Больше рецензий

26 декабря 2016 г. 16:05

729

4.5

В "Дон-Жуане" Байрона, есть такие строчки :

Гомер порою спит, - сказал Гораций.
Порою Вордсворт бдит, сказал бы я.


При всей ироничности этих строк, есть в них и нечто иное. Байрон вообще не раз сравнивал Вордсворта с немецким мистиком Якобом Бёме. Есть у них нечто общее : почти сомнамбулический ритм образов, стихов, порою длинных, развёртывающих паруса своих строф, с той же неспешностью, что и описания кораблей у Гомера.
Но и в этом есть своя прелесть.
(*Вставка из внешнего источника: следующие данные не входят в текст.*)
(* A braided Hopf algebra in the category of Yetter-Drinfeld modules over
   the group algebra K Gamma of a finite group Gamma.
   - The K Gamma-module structure is the action [act g].
   - The K Gamma-comodule structure delta : R -> K Gamma (x) R is encoded,
     via K Gamma (x) R = R^Gamma (Gamma finite), as
     [coact r : {ffun Gamma -> R}], delta(r) = sum_g g (x) coact r g;
     thus coact r g = r_g is the R_g-component of r.
   - The braiding is c(x (x) y) = x_(-1).y (x) x_(0) = sum_g g.y (x) x_g.
   - T2 = R (x) R and T3 = R (x) (R (x) R) are tensor products.          *)
Record YDHopf (K : fieldType) (gT : finGroupType) := {
  carR :> algType K;
  act : gT -> carR -> carR;
  coact : carR -> {ffun gT -> carR};
  T2 : tensor carR carR;
  T3 : tensor carR T2;
  comul : carR -> T2;
  counit : carR -> K;
  antip : carR -> carR;
  act_lin : forall g, linP (act g);
  act1 : forall r, act 1%g r = r;
  actM : forall g h r, act (g * h)%g r = act g (act h r);
  coact_lin : linP coact;
  coact_coassoc : forall r g h,
      coact (coact r g) h = if g == h then coact r g else 0;
  coact_counit : forall r, \sum_(g : gT) coact r g = r;
  (* Yetter-Drinfeld compatibility: delta(g.r) = g r_(-1) g^-1 (x) g.r_(0) *)
  yd_compat : forall g r h, coact (act g r) h = act g (coact r (h ^ g)%g);
  act_mul : forall g r s, act g (r * s) = act g r * act g s;
  act_one : forall g, act g 1 = 1;
  coact_mul : forall r s h,
      coact (r * s) h = \sum_(g : gT) coact r g * coact s (g^-1 * h)%g;
  coact_one : forall h, coact 1 h = if h == 1%g then 1 else 0;
  comul_lin : linP comul;
  counit_lin : forall (a : K) x y, counit (a *: x + y) = a * counit x + counit y;
  coassoc : forall r,
      tlift T2 (fun x y => tlift T2 (fun x1 x2 => tens T3 x1 (tens T2 x2 y)) (comul x))
            (comul r)
      = tlift T2 (fun x y => tens T3 x (comul y)) (comul r);
  counitl : forall r, tlift T2 (fun x y => counit x *: y) (comul r) = r;
  counitr : forall r, tlift T2 (fun x y => counit y *: x) (comul r) = r;
  comul_act : forall g r,
      comul (act g r) = tlift T2 (fun x y => tens T2 (act g x) (act g y)) (comul r);
  comul_coact : forall r h,
      comul (coact r h) =
      \sum_(a : gT) tlift T2 (fun x y => tens T2 (coact x a) (coact y (a^-1 * h)%g))
                         (comul r);
  counit_act : forall g r, counit (act g r) = counit r;
  counit_coact : forall r h, counit (coact r h) = if h == 1%g then counit r else 0;
  (* braided bialgebra axioms: Delta(rs) = (m(x)m)(id(x)c(x)id)(Delta r (x) Delta s) *)
  comul_mul : forall r s,
      comul (r * s) =
      tlift T2 (fun r1 r2 =>
        tlift T2 (fun s1 s2 =>
          \sum_(g : gT) tens T2 (r1 * act g s1) (coact r2 g * s2)) (comul s))
        (comul r);
  comul_one : comul 1 = tens T2 1 1;
  counit_mul : forall r s, counit (r * s) = counit r * counit s;
  counit_one : counit 1 = 1;
  antip_lin : linP antip;
  antip_act : forall g r, antip (act g r) = act g (antip r);
  antip_coact : forall r h, antip (coact r h) = coact (antip r) h;
  antipl : forall r, tlift T2 (fun x y => antip x * y) (comul r) = counit r *: 1;
  antipr : forall r, tlift T2 (fun x y => x * antip y) (comul r) = counit r *: 1
}.

Arguments act {K gT} _ _ _.
Arguments coact {K gT} _ _.
Arguments T2 {K gT} _.
Arguments T3 {K gT} _.
Arguments comul {K gT} _ _.
Arguments counit {K gT} _ _.
Arguments antip {K gT} _ _.
Arguments carR {K gT} _.

(* Bosonization A = R # K Gamma.  As a vector space A = R (x) K Gamma,
   encoded (Gamma finite) as {ffun Gamma -> R}, with r # g the function
   supported at g with value r.                                         *)
Section Bosonization.
Variables (K : fieldType) (gT : finGroupType) (R : YDHopf K gT).

Definition Abos := {ffun gT -> carR R}.

Definition sharp (r : carR R) (g : gT) : Abos :=
  [ffun h => if h == g then r else 0].

(* (r # g)(s # h) = r (g.s) # gh *)
Definition mulA (a b : Abos) : Abos :=
  \sum_(g : gT) \sum_(h : gT) sharp (a g * act R g (b h)) (g * h)%g.

Definition oneA : Abos := sharp 1 1%g.

(* Delta(r # h) = sum_g r^1 # g h (x) (r^2)_g # h *)
Definition comulA (TA : tensor Abos Abos) (a : Abos) : TA :=
  \sum_(h : gT) \sum_(g : gT)
     tlift (T2 R) (fun x y => tens TA (sharp x (g * h)%g) (sharp (coact R y g) h))
           (comul R (a h)).

(* S(r # h) = sum_g h^-1 g^-1 S_R(r_g) = sum_g (h^-1 g^-1).S_R(r_g) # h^-1 g^-1 *)
Definition antipA (a : Abos) : Abos :=
  \sum_(h : gT) \sum_(g : gT)
     sharp (act R (h^-1 * g^-1)%g (antip R (coact R (a h) g))) (h^-1 * g^-1)%g.

Variable TA : tensor Abos Abos.

(* A^e = A (x) A^op : (a (x) b)(c (x) d) = ac (x) db *)
Definition mulAe (x y : TA) : TA :=
  tlift TA (fun a b => tlift TA (fun c d => tens TA (mulA a c) (mulA d b)) y) x.

Definition oneAe : TA := tens TA oneA oneA.

Definition rho (a : Abos) : TA :=
  tlift TA (fun x y => tens TA x (antipA y)) (comulA TA a).

Definition Dgen (x : TA) : Prop :=
  exists (r s : carR R) (g : gT), x = tens TA (sharp r g) (sharp s g^-1).

Definition subalgAe (P : TA -> Prop) : Prop :=
  [/\ P oneAe,
      (forall x y, P x -> P y -> P (x + y)),
      (forall (k : K) x, P x -> P (k *: x)),
      (forall x y, P x -> P y -> P (mulAe x y)) & P 0].

Definition Dsub (x : TA) : Prop :=
  forall P : TA -> Prop, subalgAe P -> (forall y, Dgen y -> P y) -> P x.

(* left A-submodule of L(A^e) (action a.x = rho(a) x) *)
Definition left_submod_L (P : TA -> Prop) : Prop :=
  [/\ P 0, (forall x y, P x -> P y -> P (x + y)),
      (forall (k : K) x, P x -> P (k *: x)) &
      (forall (a : Abos) x, P x -> P (mulAe (rho a) x))].

(* right A-submodule of R(A^e) (action x.a = x rho(a)) *)
Definition right_submod_R (P : TA -> Prop) : Prop :=
  [/\ P 0, (forall x y, P x -> P y -> P (x + y)),
      (forall (k : K) x, P x -> P (k *: x)) &
      (forall (a : Abos) x, P x -> P (mulAe x (rho a)))].

End Bosonization.

Arguments Dsub {K gT R} TA _.
Arguments mulAe {K gT R} TA _ _.
Arguments rho {K gT R} TA _.
Arguments comulA {K gT R} TA _.
Arguments left_submod_L {K gT R} TA _.
Arguments right_submod_R {K gT R} TA _.

(* Unfolding the definitions, rho (r # h) = sum_g (r^1 # g h) (x) S_A((r^2)_g # h),
   and since (r^2)_g is homogeneous of degree g the antipode of the bosonization
   collapses to S_A((r^2)_g # h) = s # (g h)^-1 for some s in R.  Hence rho(a) is a
   sum of generators (r # k) (x) (s # k^-1) of D, and as D is a subalgebra of A^e the
   products rho(a) x and x rho(a) stay in D for x in D.

   The tensor products are only given by their universal property, so the statement
   "a linear image of T lies in the subspace P when the images of pure tensors do"
   is obtained by factoring through the quotient W / P, where uniqueness of the
   linear lift applies. *)
From HB Require Import structures.
From Pilot Require Import Defs.
From mathcomp Require Import all_boot all_order all_algebra all_fingroup.
From Stdlib Require Import ClassicalEpsilon.
Set Implicit Arguments. Unset Strict Implicit. Unset Printing Implicit Defensive.
Import GRing.Theory.
Local Open Scope ring_scope.
Local Open Scope quotient_scope.

Section LinearMaps.
Variables (K : fieldType) (U V W : lmodType K).

Lemma linP_add (f : U -> W) : linP f -> forall x y, f (x + y) = f x + f y.
Proof. by move=> fL x y; have := fL 1 x y; rewrite !scale1r. Qed.

Lemma linP0 (f : U -> W) : linP f -> f 0 = 0.
Proof.
move=> fL; have := fL 1 0 0; rewrite !scale1r addr0 => e.
by apply: (@addrI _ (f 0)); rewrite addr0 -e.
Qed.

Lemma linP_sum (f : U -> W) : linP f ->
  forall (I : Type) (r : seq I) (P : pred I) (F : I -> U),
  f (\sum_(i <- r | P i) F i) = \sum_(i <- r | P i) f (F i).
Proof. by move=> fL I r P F; apply: (big_morph f (linP_add fL) (linP0 fL)). Qed.

Lemma linP_comp (f : V -> W) (g : U -> V) : linP f -> linP g -> linP (f \o g).
Proof. by move=> fL gL k x y; rewrite /= gL fL. Qed.

End LinearMaps.

Section QuotientBySubspace.
Variables (K : fieldType) (W : lmodType K) (P : W -> Prop).
Hypotheses (P0 : P 0) (PD : forall x y, P x -> P y -> P (x + y))
  (PZ : forall (k : K) x, P x -> P (k *: x)).

Let PN x : P x -> P (- x).
Proof. by move=> Px; rewrite -scaleN1r; apply: PZ. Qed.

Definition congr_mod x y : bool :=
  if excluded_middle_informative (P (x - y)) then true else false.

Lemma congr_modP x y : reflect (P (x - y)) (congr_mod x y).
Proof. by rewrite /congr_mod; case: excluded_middle_informative; constructor. Qed.

Lemma congr_mod_refl : reflexive congr_mod.
Proof. by move=> x; apply/congr_modP; rewrite subrr. Qed.

Lemma congr_mod_sym : symmetric congr_mod.
Proof. by move=> x y; apply/congr_modP/congr_modP => Pxy; rewrite -opprB; apply: PN. Qed.

Lemma congr_mod_trans : transitive congr_mod.
Proof.
move=> y x z /congr_modP Pxy /congr_modP Pyz; apply/congr_modP.
by rewrite -(subrKA y); apply: PD.
Qed.

Definition congr_mod_equiv :=
  EquivRel congr_mod congr_mod_refl congr_mod_sym congr_mod_trans.
Definition quot := {eq_quot congr_mod_equiv}.
HB.instance Definition _ := Choice.on quot.
Definition proj : W -> quot := \pi_quot.
Local Notation repr := (@generic_quotient.repr _ quot).

Lemma proj_eq x y : proj x = proj y <-> P (x - y).
Proof. by split=> [/eqmodP/congr_modP | Pxy]; last apply/eqmodP/congr_modP. Qed.

Lemma proj_repr x : P (repr (proj x) - x).
Proof. by apply/proj_eq; rewrite /proj reprK. Qed.

Lemma proj_ind (F : quot -> Prop) : (forall x, F (proj x)) -> forall q, F q.
Proof. by move=> Fproj q; rewrite -(reprK q); apply: Fproj. Qed.

Definition quot_add (a b : quot) : quot := proj (repr a + repr b).
Definition quot_opp (a : quot) : quot := proj (- repr a).
Definition quot_scale (k : K) (a : quot) : quot := proj (k *: repr a).

Lemma quot_addE x y : quot_add (proj x) (proj y) = proj (x + y).
Proof.
apply/proj_eq; rewrite opprD addrACA.
by apply: PD; apply: proj_repr.
Qed.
Сердце-маятник, подчиняется этому пульсу чувств и стихов, фокусируя свой взгляд на подробностях заката, волн и парусов, похожих на белоснежные крылья : пейзаж впечатлений вспыхивает, смешивая в одно душу человека и душу природы.
Перси Шелли, любивший пантеистическую поэзию Вордсворта, однажды написал :

немецкая философия созерцает лишь серебряную сторону щита истины, и этим она лучше французской, которая видела только его острые края.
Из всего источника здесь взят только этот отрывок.